Cationic lipids have been widely used for siRNA delivery in vitro. Many commercially available transfection reagents are made of cationic lipids but these reagents usually do not support in vivo delivery owing to the presence of excess cationic charges in the lipoplex. Ideally, siRNA should be entrapped in a large quantity inside the unilamellar liposomes that are protected with a polyethylene glycol (PEG) brush layer on the surface. The PEG brush effectively reduces blood protein adsorption to the NP and reduces its uptake by the reticuloendothelial system [4]. A targeting ligand is further tethered at the distal end of the PEG chain for specific binding and internalization mediated by tumor-specific receptors. Lipids with an ionizable headgroup having a pKa of approximately 6 are particularly attractive. siRNA can associate with the lipid at low pH because the lipid is protonated and positively charged. Being entrapped at low pH, substantial amounts of siRNA are still liposome-associated after the pH returns to neutral. The lipid will again be cationic in the acidic endosome. It is well known that cationic lipid binds with anionic lipid to form inverted micelles, or the H_II phase, which is a nonbilayer structure [5]. Lipids with bulky hydrocarbon chains are prone to assume such structure [6]. Several lipids containing a tertiary amine headgroup (pKa ∼6) and two hydrocarbon chains with two cis double bonds (bulky) have been designed and used to deliver siRNA [7]. The activity of the ionizable lipid NPs for siRNA delivery to the liver hepatocytes depends on the circulating ApoE, which facilitates an avid uptake of the NP via the low-density lipoprotein receptor [8]. The 50% effective dose (ED₅₀) of siRNA for silencing factor VII, which is exclusively produced in the liver, was as low as 0.01 mg/kg in rodents and 0.1 mg/kg in nonhuman primates. No noticeable toxicity at these low doses was reported. N-acetyl galactosamine can also be used to target the iLNPs to the liver via the galactose receptor. This is a remarkable achievement, although the formulation has not yet been used for cancer therapy.

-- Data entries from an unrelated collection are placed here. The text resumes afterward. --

(* Let $G$ be a one-point union of cycles of order $p$, i.e. a graph obtained from a collection of cycles by identifying one vertex from each cycle into a single common vertex. Then $str(G)=p+2$.
   Context: For a graph $G$ of order $p$, a numbering of $G$ is a bijection $f:V(G)\to[1,p]$. The strength of a numbering $f$ is $str_f(G)=\max\{f(u)+f(v): uv\in E(G)\}$, and the strength of a graph $G$ with at least one edge is $str(G)=\min\{str_f(G): f \text{ a numbering of } G\}$. *)

From mathcomp Require Import all_boot.
Set Implicit Arguments. Unset Strict Implicit. Unset Printing Implicit Defensive.

(* A (simple) graph on a finite vertex type T is given by an adjacency
   relation e : rel T.  Its order is p = #|T|. *)

Definition is_numbering (T : finType) (f : T -> nat) : Prop :=
  injective f /\
  (forall x, 1 <= f x <= #|T|) /\
  (forall k, 1 <= k <= #|T| -> exists x, f x = k).

Definition str_f (T : finType) (e : rel T) (f : T -> nat) : nat :=
  \max_(u : T) \max_(v : T | e u v) (f u + f v).

Definition is_strength (T : finType) (e : rel T) (s : nat) : Prop :=
  (exists f, is_numbering f /\ str_f e f = s) /\
  (forall f, is_numbering f -> s <= str_f e f).

(* Vertex None is the common (identified) vertex; vertex (i, j), j < n i - 1,
   is the j-th further vertex of the i-th cycle, which is
   None - (i,0) - (i,1) - ... - (i, n i - 2) - None. *)
Definition opuc_vertex {k : nat} (n : 'I_k -> nat) : finType :=
  option {i : 'I_k & 'I_(n i).-1}.

Definition opuc_adj {k : nat} (n : 'I_k -> nat) : rel (opuc_vertex n) :=
  fun x y =>
    match x, y with
    | None, None => false
    | None, Some b => (val (tagged b) == 0) || ((val (tagged b)).+1 == (n (tag b)).-1)
    | Some a, None => (val (tagged a) == 0) || ((val (tagged a)).+1 == (n (tag a)).-1)
    | Some a, Some b =>
        (tag a == tag b) &&
        (((val (tagged a)).+1 == val (tagged b)) || ((val (tagged b)).+1 == val (tagged a)))
    end.

From mathcomp Require Import all_boot zify.
Set Implicit Arguments. Unset Strict Implicit.

(* Let G be a one-point union of cycles of order p.  Every vertex of G has two
   distinct neighbours, so in any numbering the vertex labelled p has a
   neighbour labelled at least 2, whence str(G) >= p + 2.  Conversely, give
   the hub the label 1 and list the remaining p - 1 vertices cycle after cycle,
   each cycle traversed as the path left after deleting the hub; labelling the
   t-th vertex of this list by 1 + zigzag t, where zigzag runs through
   m, 1, m-1, 2, m-2, ... (m = p - 1), any two consecutive vertices of the list
   get labels summing to at most p + 2, and edges at the hub sum to at most
   p + 1.  Hence str(G) = p + 2. *)

Section Strength.
Variable T : finType.
Implicit Types (e : rel T) (f : T -> nat).

Lemma str_f_ge e f x y : e x y -> f x + f y <= str_f e f.
Proof.
move=> exy; apply: leq_trans (leq_bigmax x).
exact: (leq_bigmax_cond (F := fun v => f x + f v) y exy).
Qed.

Lemma str_f_le e f s : (forall x y, e x y -> f x + f y <= s) -> str_f e f <= s.
Proof. by move=> bnd; apply/bigmax_leqP => x _; apply/bigmax_leqP => y /bnd. Qed.

Lemma numbering_of_inj f :
  injective f -> (forall x, 1 <= f x <= #|T|) -> is_numbering f.
Proof.
move=> f_inj f_rng; split=> //; split=> // m m_rng.
have lt_pred x : (f x).-1 < #|T| by have := f_rng x; lia.
pose h x := Ordinal (lt_pred x).
have h_inj : injective h.
  move=> x y /(congr1 val) /= fxy; apply: f_inj; have := f_rng x; have := f_rng y; lia.
have lt_m : m.-1 < #|T| by lia.
have /codomP [x /(congr1 val) /= hx] :=
  inj_card_onto h_inj (eq_leq (card_ord _)) (Ordinal lt_m).
by exists x; have := f_rng x; lia.
Qed.

(* If every vertex has two distinct neighbours, the vertex labelled |T|
   has a neighbour labelled at least 2, so every numbering has strength at
   least |T| + 2. *)
Lemma strength_lower_bound e f :
  0 < #|T| -> (forall x, exists u v, [/\ u != v, e x u & e x v]) ->
  is_numbering f -> #|T| + 2 <= str_f e f.
Proof.
move=> T_gt0 deg2 [f_inj [f_rng f_surj]].
have [x fx] := f_surj #|T| (ltac:(lia)).
have [u [v [uv xu xv]]] := deg2 x.
have fuv : f u != f v by apply: contra uv => /eqP /f_inj ->.
have := str_f_ge f xu; have := str_f_ge f xv.
have := f_rng u; have := f_rng v; move: fuv; lia.
Qed.
End Strength.

Lemma numbering_comp (T U : finType) (h : U -> T) (f : T -> nat) :
  bijective h -> is_numbering f -> is_numbering (f \o h).
Proof.
move=> h_bij [f_inj [f_rng f_surj]]; rewrite /is_numbering (bij_eq_card h_bij).
case: (h_bij) => g hK gK; split; first exact: inj_comp (bij_inj h_bij).
split=> [u|m /f_surj [x fx]]; first exact: f_rng.
by exists (g x); rewrite /= gK.
Qed.

Lemma str_f_hom_le (T U : finType) (eT : rel T) (eU : rel U)
    (h : U -> T) (fT : T -> nat) (fU : U -> nat) :
  (forall u v, eU u v -> eT (h u) (h v)) -> (forall u, fU u = fT (h u)) ->
  str_f eU fU <= str_f eT fT.
Proof.
move=> h_hom fUE; apply: str_f_le => u v /h_hom huv.
by rewrite !fUE; apply: str_f_ge.
Qed.

Lemma is_strength_iso (T U : finType) (eT : rel T) (eU : rel U) (phi : T -> U) s :
  bijective phi -> (forall x y, eT x y = eU (phi x) (phi y)) ->
  is_strength eU s -> is_strength eT s.
Proof.
move=> phi_bij phi_adj [[g [g_num g_str]] g_min].
case: (phi_bij) => psi phiK psiK.
have phi_hom x y : eT x y -> eU (phi x) (phi y) by rewrite phi_adj.
have psi_hom u v : eU u v -> eT (psi u) (psi v) by rewrite phi_adj !psiK.
have psi_bij : bijective psi by exists phi.
split=> [|f f_num].
  exists (g \o phi); split; first exact: numbering_comp.
  apply/eqP; rewrite eqn_leq -{1}g_str (str_f_hom_le (fU := g \o phi) phi_hom) //=.
  by rewrite -g_str (str_f_hom_le (fT := g \o phi) psi_hom) // => u /=; rewrite psiK.
apply: leq_trans (g_min (f \o psi) (numbering_comp psi_bij f_num)) _.
exact: str_f_hom_le psi_hom _.
Qed.

(* The sequence m, 1, m-1, 2, m-2, ... : it enumerates [1, m] for t < m and
   alternates between large and small values, so that consecutive terms
   sum to at most m + 1. *)
Definition zigzag (m t : nat) : nat := if odd t then (t.+1)./2 else m - t./2.

Lemma zigzag_range m t : t < m -> 1 <= zigzag m t <= m.
Proof. by rewrite /zigzag; have := odd_double_half t; case: (odd t) => /=; lia. Qed.
Lemma zigzag_inj m t t' : t < m -> t' < m -> zigzag m t = zigzag m t' -> t = t'.
Proof.
rewrite /zigzag; have := odd_double_half t; have := odd_double_half t'.
by case: (odd t); case: (odd t') => /=; lia.
Qed.
Lemma zigzag_consecutive m t : t.+1 < m -> zigzag m t + zigzag m t.+1 <= m.+1.
Proof. by rewrite /zigzag /=; have := odd_double_half t; case: (odd t) => /=; lia. Qed.

(* Laying out the sigma type {i : 'I_k & 'I_(s i)} as consecutive blocks of
   natural numbers: the block of i starts at s 0 + ... + s (i-1), and
   (i, j) is placed at position (start of block i) + j. *)
Section BlockLayout.
Variables (k : nat) (s : 'I_k -> nat).

(* block_size l is the size of the l-th block (0 past the last one). *)
Definition block_size (l : nat) : nat :=
  if insub l : option 'I_k is Some i then s i else 0.

Definition block_start (l : nat) : nat := \sum_(0 <= l' < l) block_size l'.

Definition block_pos (a : {i : 'I_k & 'I_(s i)}) : nat :=
  block_start (tag a) + tagged a.

Lemma block_start_succ (i : 'I_k) : block_start i.+1 = block_start i + s i.
Proof. by rewrite /block_start big_nat_recr //= /block_size valK. Qed.

Lemma block_start_mono l l' : l <= l' -> block_start l <= block_start l'.
Proof.
move=> ll'; rewrite /block_start (@big_cat_nat _ _ _ l 0 l' _ _ (leq0n l) ll').
exact: leq_addr.
Qed.

Lemma block_start_end (i : 'I_k) l : i < l -> block_start i + s i <= block_start l.
Proof. by rewrite -block_start_succ; apply: block_start_mono. Qed.

Lemma block_start_total : block_start k = #|{: {i : 'I_k & 'I_(s i)}}|.
Proof.
rewrite card_tagged sumnE big_map big_enum /block_start big_mkord.
by apply: eq_bigr => i _; rewrite /block_size valK card_ord.
Qed.

Lemma block_pos_lt a : block_pos a < #|{: {i : 'I_k & 'I_(s i)}}|.
Proof.
case: a => i j; rewrite -block_start_total /block_pos /=.
by have := block_start_end (ltn_ord i); have := ltn_ord j; lia.
Qed.

Lemma block_pos_inj : injective block_pos.
Proof.
move=> [i j] [i' j']; rewrite /block_pos /=.
have [lt_ii'|] := ltnP i i'.
  by have := block_start_end lt_ii'; have := ltn_ord j; lia.
rewrite leq_eqVlt => /orP [/eqP/val_inj eq_ii'|lt_i'i]; last first.
  by have := block_start_end lt_i'i; have := ltn_ord j'; lia.
by subst i' => pos_eq; congr existT; apply: val_inj => /=; lia.
Qed.
End BlockLayout.

Section OnePointUnion.
Variables (k : nat) (n : 'I_k -> nat).
Hypotheses (k_gt0 : 0 < k) (n_ge3 : forall i, 3 <= n i).

Let B := {i : 'I_k & 'I_(n i).-1}.
Let m := #|{: B}|.
Local Notation adj := (@opuc_adj k n).

Definition cycle_vertex (i : 'I_k) (j : 'I_(n i).-1) : opuc_vertex n :=
  Some (Tagged (fun i => 'I_(n i).-1) j).

Let position (v : opuc_vertex n) : nat := if v is Some a then (val (tagged a)).+1 else 0.

Lemma opuc_card : #|{: opuc_vertex n}| = m.+1.
Proof. exact: card_option. Qed.

Lemma hub_two_neighbours :
  exists u v, [/\ u != v, adj None u & adj None v].
Proof.
pose i0 : 'I_k := Ordinal k_gt0.
have first_lt : 0 < (n i0).-1 by have := n_ge3 i0; lia.
have last_lt : (n i0).-2 < (n i0).-1 by have := n_ge3 i0; lia.
exists (cycle_vertex (Ordinal first_lt)), (cycle_vertex (Ordinal last_lt)); split=> //.
- by apply/eqP => /(congr1 position) /=; have := n_ge3 i0; lia.
- by apply/orP; right; apply/eqP => /=; have := n_ge3 i0; lia.
Qed.

Lemma cycle_two_neighbours (a : B) :
  exists u v, [/\ u != v, adj (Some a) u & adj (Some a) v].
Proof.
case: a => i j; have n_i := n_ge3 i; have lt_j := ltn_ord j.
have prev_lt : j.-1 < (n i).-1 by apply: leq_ltn_trans (leq_pred j) lt_j.
have [next_lt|next_ge] := ltnP j.+1 (n i).-1.
  have [j0|j_gt0] := posnP j.
    exists None, (cycle_vertex (Ordinal next_lt)).
    by rewrite /= j0 eqxx /= eqxx.
  exists (cycle_vertex (Ordinal prev_lt)), (cycle_vertex (Ordinal next_lt)) => /=.
  split; first by apply/eqP => /(congr1 position) /=; lia.
  - by rewrite eqxx /=; apply/orP; right; apply/eqP; lia.
  - by rewrite eqxx /=; apply/orP; left; apply/eqP; lia.
exists (cycle_vertex (Ordinal prev_lt)), None => /=.
have j_gt0 : 0 < j by lia.
by rewrite eqxx /=; split=> //; apply/orP; right; apply/eqP; lia.
Qed.

Lemma opuc_two_neighbours (v : opuc_vertex n) :
  exists u w, [/\ u != w, adj v u & adj v w].
Proof. by case: v => [a|]; [apply: cycle_two_neighbours | apply: hub_two_neighbours]. Qed.

Lemma adjacent_block_pos (a b : B) :
  adj (Some a) (Some b) ->
  block_pos b = (block_pos a).+1 \/ block_pos a = (block_pos b).+1.
Proof.
case: a b => [i j] [i' j'] /= /andP [/eqP eq_ii' consecutive]; subst i'.
by rewrite /block_pos /=; case/orP: consecutive => /eqP; lia.
Qed.

Definition zigzag_label (v : opuc_vertex n) : nat :=
  if v is Some a then (zigzag m (block_pos a)).+1 else 1.

Lemma zigzag_block_range (a : B) : 1 <= zigzag m (block_pos a) <= m.
Proof. exact: zigzag_range (block_pos_lt a). Qed.

Lemma zigzag_block_consecutive (a b : B) :
  block_pos b = (block_pos a).+1 ->
  zigzag m (block_pos a) + zigzag m (block_pos b) <= m.+1.
Proof. by move=> pos_b; rewrite pos_b zigzag_consecutive // -pos_b block_pos_lt. Qed.

Lemma zigzag_label_numbering : is_numbering zigzag_label.
Proof.
apply: numbering_of_inj => [[a|] [b|] //=|[a|] //=]; rewrite ?opuc_card //.
- by move=> [] /zigzag_inj eq_ab; congr Some; apply/block_pos_inj/eq_ab; apply: block_pos_lt.
- by have := zigzag_block_range a; lia.
- by have := zigzag_block_range b; lia.
- by have := zigzag_block_range a; lia.
Qed.

(* Edges at the hub sum to at most m + 2 and other edges, joining
   consecutive positions, to at most m + 3 = p + 2. *)
Lemma zigzag_label_str : str_f adj zigzag_label <= #|{: opuc_vertex n}| + 2.
Proof.
rewrite opuc_card; apply: str_f_le => -[a|] [b|] //= adj_ab.
- by case: (adjacent_block_pos adj_ab) => /zigzag_block_consecutive; lia.
- by have := zigzag_block_range a; lia.
- by have := zigzag_block_range b; lia.
Qed.

Lemma opuc_strength : is_strength adj (#|{: opuc_vertex n}| + 2).
Proof.
have lower f : is_numbering f -> #|{: opuc_vertex n}| + 2 <= str_f adj f.
  by apply: strength_lower_bound; [rewrite opuc_card | exact: opuc_two_neighbours].
split=> //; exists zigzag_label; split; first exact: zigzag_label_numbering.
by apply/eqP; rewrite eqn_leq zigzag_label_str lower //; exact: zigzag_label_numbering.
Qed.
End OnePointUnion.

Theorem mainTheorem4 (T : finType) (e : rel T) (k : nat) (n : 'I_k -> nat) :
  0 < k ->
  (forall i, 3 <= n i) ->
  (exists phi : T -> opuc_vertex n,
      bijective phi /\ forall x y, e x y = @opuc_adj k n (phi x) (phi y)) ->
  is_strength e (#|T| + 2).
Proof.
move=> k_gt0 n_ge3 [phi [phi_bij phi_adj]].
rewrite (bij_eq_card phi_bij).
exact: is_strength_iso phi_bij phi_adj (opuc_strength k_gt0 n_ge3).
Qed.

The stable nucleic acid lipid particle is a similar ionizable lipid base formulation developed by the same group for systemic siRNA administration [9]. The original study focused on hepatic cells, which demonstrated the downregulation of ApoB in the liver with a dose of 2.5 mg/kg in nonhuman primates [10]. High therapeutic doses, however, usually cause some type of immune response. Recently, a clinical trial was terminated owing to the immunotoxicity revealed in the trial [101].

In an alternative approach, a combinatorial library of lipid-like materials was developed and described with the term ‘lipidoids’ [11]. The one-step synthetic scheme provided some choice of cationic lipid for efficient transfection of siRNA [12]. The selected cationic LNPs was able to achieve siRNA-mediated gene silencing effect for hepatic cell at a dose of 0.01 mg/kg in mice and 0.03 mg/kg in nonhuman primates [13]. This formulated NP is again a remarkable achievement, although the toxicity of these lipidoids has not been thoroughly studied.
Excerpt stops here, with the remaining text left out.